(* In the Cross Model on $\mathbb{Z}_K$, for every configuration and all integers $K\ge1$, $n\ge0$, there exists a path of open edges from $(0,0)$ to $(n,0)$ of minimal length (among open paths in $\mathbb{Z}_K$) which uses only horizontal and diagonal edges, except possibly for vertical edges lying in the first column $\{0\}\times[\![-K,K]\!]$.
   Context: Cross Model: $\mathbb{Z}_K=\mathbb{Z}\times[\![-K,K]\!]$ with vertical edges $(i,j)\to(i,j+1)$, horizontal edges $(i,j)\to(i+1,j)$ and diagonal edges $(i,j)\to(i+1,j\pm1)$ (within the strip). Vertical and horizontal edges have length $1$, diagonal edges length $2$. All vertical and diagonal edges are open; each horizontal edge is open or closed (randomly, open with probability $1-\varepsilon$ independently). The length of a path is the sum of the lengths of its edges. *)

From Stdlib Require Import ZArith List.
Open Scope Z_scope.

(* Vertices of Z_K = Z x [-K, K], as pairs (column i, row j). *)
Definition vertex := (Z * Z)%type.

Definition in_strip (K : Z) (v : vertex) : Prop := -K <= snd v <= K.

(* A configuration: [w i j = true] iff the horizontal edge
   (i,j) -- (i+1,j) is open.  (Values outside the strip are irrelevant.) *)
Definition config := Z -> Z -> bool.

Inductive edge_kind := Vert | Horiz | Diag.

Definition kind_len (k : edge_kind) : nat :=
  match k with Vert => 1%nat | Horiz => 1%nat | Diag => 2%nat end.

Definition open_edge (K : Z) (w : config) (u v : vertex) (k : edge_kind) : Prop :=
  in_strip K u /\ in_strip K v /\
  match k with
  | Vert => fst u = fst v /\ (snd v = snd u + 1 \/ snd u = snd v + 1)
  | Horiz => snd u = snd v /\
             ((fst v = fst u + 1 /\ w (fst u) (snd u) = true) \/
              (fst u = fst v + 1 /\ w (fst v) (snd v) = true))
  | Diag => (fst v = fst u + 1 \/ fst u = fst v + 1) /\
            (snd v = snd u + 1 \/ snd u = snd v + 1)
  end.

Fixpoint is_path (K : Z) (w : config) (x : vertex)
    (s : list (edge_kind * vertex)) (y : vertex) : Prop :=
  match s with
  | nil => x = y
  | (k, v) :: s' => open_edge K w x v k /\ is_path K w v s' y
  end.

Fixpoint path_len (s : list (edge_kind * vertex)) : nat :=
  match s with
  | nil => 0%nat
  | (k, _) :: s' => (kind_len k + path_len s')%nat
  end.

Fixpoint vert_only_col0 (x : vertex) (s : list (edge_kind * vertex)) : Prop :=
  match s with
  | nil => True
  | (k, v) :: s' => (k = Vert -> fst x = 0) /\ vert_only_col0 v s'
  end.

(* Let [canon_dist i j] be the length of a shortest path to [(i, j)] that first
   moves vertically in column 0 and then only steps forward along horizontal or
   diagonal edges; it obeys a one-column dynamic-programming recursion and is
   realised by such a path.  Extended by [canon_dist 0 j = |j|] to the columns
   [i < 0], it is a potential: it is 1-Lipschitz in the row and nondecreasing in
   the column, so along any open edge it grows by at most the length of the edge.
   Summing along an arbitrary open path from [(0,0)] to [(n,0)] shows that no
   such path is shorter than [canon_dist n 0]. *)
From Stdlib Require Import ZArith List Lia.
Open Scope Z_scope.

Lemma to_nat_succ_cases (a : Z) :
  (0 <= a /\ Z.to_nat (a + 1) = S (Z.to_nat a)) \/ Z.to_nat (a + 1) = Z.to_nat a.
Proof. destruct (Z_le_dec 0 a); [left | right]; lia. Qed.

Definition adj (j j' : Z) : Prop := j' = j + 1 \/ j = j' + 1.

Lemma adj_sym j j' : adj j j' -> adj j' j.
Proof. unfold adj; lia. Qed.

(* The row neighbours used by the recursion; on the boundary of the strip the
   missing neighbour is replaced by the other one, which exists as [K >= 1]. *)
Definition row_down (K j : Z) : Z := if Z_le_dec (-K) (j - 1) then j - 1 else j + 1.
Definition row_up (K j : Z) : Z := if Z_le_dec (j + 1) K then j + 1 else j - 1.

Section Rows.

Variable K : Z.
Hypothesis K_ge1 : 1 <= K.

Lemma row_down_spec j : -K <= j <= K -> -K <= row_down K j <= K /\ adj j (row_down K j).
Proof. unfold row_down, adj; destruct Z_le_dec; lia. Qed.

Lemma row_up_spec j : -K <= j <= K -> -K <= row_up K j <= K /\ adj j (row_up K j).
Proof. unfold row_up, adj; destruct Z_le_dec; lia. Qed.

End Rows.

Lemma adj_row_down_or_up K j j' : -K <= j <= K -> -K <= j' <= K -> adj j j' ->
  j = row_down K j' \/ j = row_up K j'.
Proof. unfold row_down, row_up, adj; destruct Z_le_dec, Z_le_dec; lia. Qed.

Fixpoint canon_dist (K : Z) (w : config) (i : nat) (j : Z) : Z :=
  match i with
  | O => Z.abs j
  | S i' =>
    let diag := Z.min (canon_dist K w i' (row_down K j))
                      (canon_dist K w i' (row_up K j)) + 2 in
    if w (Z.of_nat i') j then Z.min (canon_dist K w i' j + 1) diag else diag
  end.

Section CanonDist.

Variables (K : Z) (w : config).
Hypothesis K_ge1 : 1 <= K.

Notation g := (canon_dist K w).

Lemma canon_dist_succ_horiz i j : w (Z.of_nat i) j = true -> g (S i) j <= g i j + 1.
Proof. intros Hw; cbn [canon_dist]; rewrite Hw; lia. Qed.

Lemma canon_dist_succ_diag i j j' : -K <= j <= K -> -K <= j' <= K -> adj j j' ->
  g (S i) j' <= g i j + 2.
Proof.
  intros Hj Hj' Hadj; cbn [canon_dist].
  destruct (adj_row_down_or_up K j j' Hj Hj' Hadj) as [-> | ->];
    destruct (w (Z.of_nat i) j'); lia.
Qed.

Lemma canon_dist_succ_lb_of_lip i j :
  (forall j j', -K <= j <= K -> -K <= j' <= K -> adj j j' -> g i j' <= g i j + 1) ->
  -K <= j <= K -> g i j + 1 <= g (S i) j.
Proof.
  intros Hlip Hj; cbn [canon_dist].
  destruct (row_down_spec K K_ge1 j Hj) as [Hd Hadj_d].
  destruct (row_up_spec K K_ge1 j Hj) as [Hu Hadj_u].
  pose proof (Hlip _ _ Hd Hj (adj_sym _ _ Hadj_d)).
  pose proof (Hlip _ _ Hu Hj (adj_sym _ _ Hadj_u)).
  destruct (w (Z.of_nat i) j); lia.
Qed.

Lemma canon_dist_lip i j j' : -K <= j <= K -> -K <= j' <= K -> adj j j' ->
  g i j' <= g i j + 1.
Proof.
  revert j j'; induction i as [|i IH]; intros j j' Hj Hj' Hadj.
  - unfold adj in Hadj; cbn [canon_dist]; lia.
  - pose proof (canon_dist_succ_diag i j j' Hj Hj' Hadj).
    pose proof (canon_dist_succ_lb_of_lip i j IH Hj); lia.
Qed.

Lemma canon_dist_succ_lb i j : -K <= j <= K -> g i j + 1 <= g (S i) j.
Proof. apply canon_dist_succ_lb_of_lip; intros; apply canon_dist_lip; assumption. Qed.

Definition potential (v : vertex) : Z := g (Z.to_nat (fst v)) (snd v).

Lemma potential_open_edge u v k : open_edge K w u v k ->
  potential v <= potential u + Z.of_nat (kind_len k).
Proof.
  destruct u as [a b], v as [c d]; unfold open_edge, in_strip, potential; cbn [fst snd].
  intros (Hb & Hd & He).
  destruct k; cbn [kind_len Z.of_nat Pos.of_succ_nat].
  - destruct He as [-> Hadj].
    pose proof (canon_dist_lip (Z.to_nat c) b d Hb Hd Hadj); lia.
  - destruct He as [-> [[-> Hw] | [-> _]]].
    + destruct (to_nat_succ_cases a) as [[Ha ->] | ->]; [|lia].
      rewrite <- (Z2Nat.id a Ha) in Hw.
      pose proof (canon_dist_succ_horiz (Z.to_nat a) d Hw); lia.
    + destruct (to_nat_succ_cases c) as [[_ ->] | ->]; [|lia].
      pose proof (canon_dist_succ_lb (Z.to_nat c) d Hd); lia.
  - destruct He as [[-> | ->] Hadj].
    + pose proof (canon_dist_lip (Z.to_nat a) b d Hb Hd Hadj).
      destruct (to_nat_succ_cases a) as [[_ ->] | ->]; [|lia].
      pose proof (canon_dist_succ_diag (Z.to_nat a) b d Hb Hd Hadj); lia.
    + pose proof (canon_dist_lip (Z.to_nat c) b d Hb Hd Hadj).
      destruct (to_nat_succ_cases c) as [[_ ->] | ->]; [|lia].
      pose proof (canon_dist_succ_lb (Z.to_nat c) b Hb); lia.
Qed.

Lemma potential_path x s y : is_path K w x s y ->
  potential y <= potential x + Z.of_nat (path_len s).
Proof.
  revert x; induction s as [|[k v] s IH]; cbn [is_path path_len]; intros x Hs.
  - subst; lia.
  - destruct Hs as [He Hs].
    pose proof (potential_open_edge _ _ _ He); pose proof (IH _ Hs); lia.
Qed.

Definition canon_reachable (v : vertex) (l : Z) : Prop :=
  exists s, is_path K w (0, 0) s v /\ Z.of_nat (path_len s) = l /\ vert_only_col0 (0, 0) s.

Lemma is_path_snoc x s y k v : is_path K w x s y -> open_edge K w y v k ->
  is_path K w x (s ++ (k, v) :: nil) v.
Proof.
  revert x; induction s as [|[k' v'] s IH]; cbn [is_path app]; intros x Hs He.
  - subst; tauto.
  - destruct Hs; split; auto.
Qed.

Lemma path_len_snoc s k v : path_len (s ++ (k, v) :: nil) = (path_len s + kind_len k)%nat.
Proof. induction s as [|[k' v'] s IH]; cbn [path_len app]; lia. Qed.

Lemma vert_only_col0_snoc x s y k v : is_path K w x s y -> vert_only_col0 x s ->
  (k = Vert -> fst y = 0) -> vert_only_col0 x (s ++ (k, v) :: nil).
Proof.
  revert x; induction s as [|[k' v'] s IH]; cbn [is_path vert_only_col0 app];
    intros x Hs Hv Hk.
  - subst; tauto.
  - destruct Hs, Hv; split; eauto.
Qed.

Lemma canon_reachable_snoc y l v k : canon_reachable y l -> open_edge K w y v k ->
  (k = Vert -> fst y = 0) -> canon_reachable v (l + Z.of_nat (kind_len k)).
Proof.
  intros (s & Hs & Hl & Hv) He Hk.
  exists (s ++ (k, v) :: nil); split; [|split].
  - eapply is_path_snoc; eassumption.
  - rewrite path_len_snoc; lia.
  - eapply vert_only_col0_snoc; eassumption.
Qed.

Lemma canon_reachable_col0 (m : nat) j : -K <= j <= K -> Z.abs j = Z.of_nat m ->
  canon_reachable (0, j) (Z.of_nat m).
Proof.
  revert j; induction m as [|m IH]; intros j Hj Hm.
  - replace j with 0 by lia; exists nil; cbn; auto.
  - pose proof (Z.sgn_spec j).
    assert (Hprev : canon_reachable (0, j - Z.sgn j) (Z.of_nat m)) by (apply IH; lia).
    replace (Z.of_nat (S m)) with (Z.of_nat m + Z.of_nat (kind_len Vert))
      by (cbn [kind_len]; lia).
    apply (canon_reachable_snoc _ _ _ _ Hprev); [|reflexivity].
    unfold open_edge, in_strip; cbn [fst snd]; lia.
Qed.

Lemma canon_reachable_canon_dist i j : -K <= j <= K ->
  canon_reachable (Z.of_nat i, j) (g i j).
Proof.
  revert j; induction i as [|i IH]; intros j Hj.
  - cbn [canon_dist Z.of_nat]; rewrite <- Nat2Z.inj_abs_nat.
    apply canon_reachable_col0; [exact Hj | symmetry; apply Nat2Z.inj_abs_nat].
  - assert (Hdiag : forall j', -K <= j' <= K -> adj j' j ->
              canon_reachable (Z.of_nat (S i), j) (g i j' + 2)).
    { intros j' Hj' Hadj.
      apply (canon_reachable_snoc _ _ _ Diag (IH j' Hj')); [|discriminate].
      unfold open_edge, in_strip, adj in *; cbn [fst snd]; lia. }
    destruct (row_down_spec K K_ge1 j Hj) as [Hd Hadj_d].
    destruct (row_up_spec K K_ge1 j Hj) as [Hu Hadj_u].
    assert (Hmin : canon_reachable (Z.of_nat (S i), j)
              (Z.min (g i (row_down K j)) (g i (row_up K j)) + 2)).
    { rewrite <- Z.add_min_distr_r.
      apply Z.min_case; apply Hdiag; auto using adj_sym. }
    cbn [canon_dist]; destruct (w (Z.of_nat i) j) eqn:Hw; [|exact Hmin].
    apply Z.min_case; [|exact Hmin].
    apply (canon_reachable_snoc _ _ _ Horiz (IH j Hj)); [|discriminate].
    unfold open_edge, in_strip; cbn [fst snd]; split; [lia|split; [lia|]].
    split; [reflexivity|left; split; [lia|exact Hw]].
Qed.

End CanonDist.

Theorem lemma3 (K n : Z) (w : config) :
  1 <= K -> 0 <= n ->
  exists s : list (edge_kind * vertex),
    is_path K w (0, 0) s (n, 0) /\
    (forall s' : list (edge_kind * vertex),
        is_path K w (0, 0) s' (n, 0) -> (path_len s <= path_len s')%nat) /\
    vert_only_col0 (0, 0) s.
Proof.
  intros HK Hn.
  destruct (canon_reachable_canon_dist K w HK (Z.to_nat n) 0 ltac:(lia))
    as (s & Hs & Hlen & Hvert).
  rewrite Z2Nat.id in Hs by exact Hn.
  exists s; split; [exact Hs | split; [|exact Hvert]].
  intros s' Hs'.
  pose proof (potential_path K w HK _ _ _ Hs') as Hpot.
  unfold potential in Hpot; cbn [fst snd] in Hpot.
  rewrite <- Hlen in Hpot; cbn in Hpot; lia.
Qed.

_ _ _ _ _

**The problem:** Of all the entries above, repeat only the lines from the line that has "missing neighbour is" to the line that has "Lemma canon_dist_succ_horiz i", both lines included, exactly.

**Solution for this task:**
   missing neighbour is replaced by the other one, which exists as [K >= 1]. *)
Definition row_down (K j : Z) : Z := if Z_le_dec (-K) (j - 1) then j - 1 else j + 1.
Definition row_up (K j : Z) : Z := if Z_le_dec (j + 1) K then j + 1 else j - 1.

Section Rows.

Variable K : Z.
Hypothesis K_ge1 : 1 <= K.

Lemma row_down_spec j : -K <= j <= K -> -K <= row_down K j <= K /\ adj j (row_down K j).
Proof. unfold row_down, adj; destruct Z_le_dec; lia. Qed.

Lemma row_up_spec j : -K <= j <= K -> -K <= row_up K j <= K /\ adj j (row_up K j).
Proof. unfold row_up, adj; destruct Z_le_dec; lia. Qed.

End Rows.

Lemma adj_row_down_or_up K j j' : -K <= j <= K -> -K <= j' <= K -> adj j j' ->
  j = row_down K j' \/ j = row_up K j'.
Proof. unfold row_down, row_up, adj; destruct Z_le_dec, Z_le_dec; lia. Qed.

Fixpoint canon_dist (K : Z) (w : config) (i : nat) (j : Z) : Z :=
  match i with
  | O => Z.abs j
  | S i' =>
    let diag := Z.min (canon_dist K w i' (row_down K j))
                      (canon_dist K w i' (row_up K j)) + 2 in
    if w (Z.of_nat i') j then Z.min (canon_dist K w i' j + 1) diag else diag
  end.

Section CanonDist.

Variables (K : Z) (w : config).
Hypothesis K_ge1 : 1 <= K.

Notation g := (canon_dist K w).

Lemma canon_dist_succ_horiz i j : w (Z.of_nat i) j = true -> g (S i) j <= g i j + 1.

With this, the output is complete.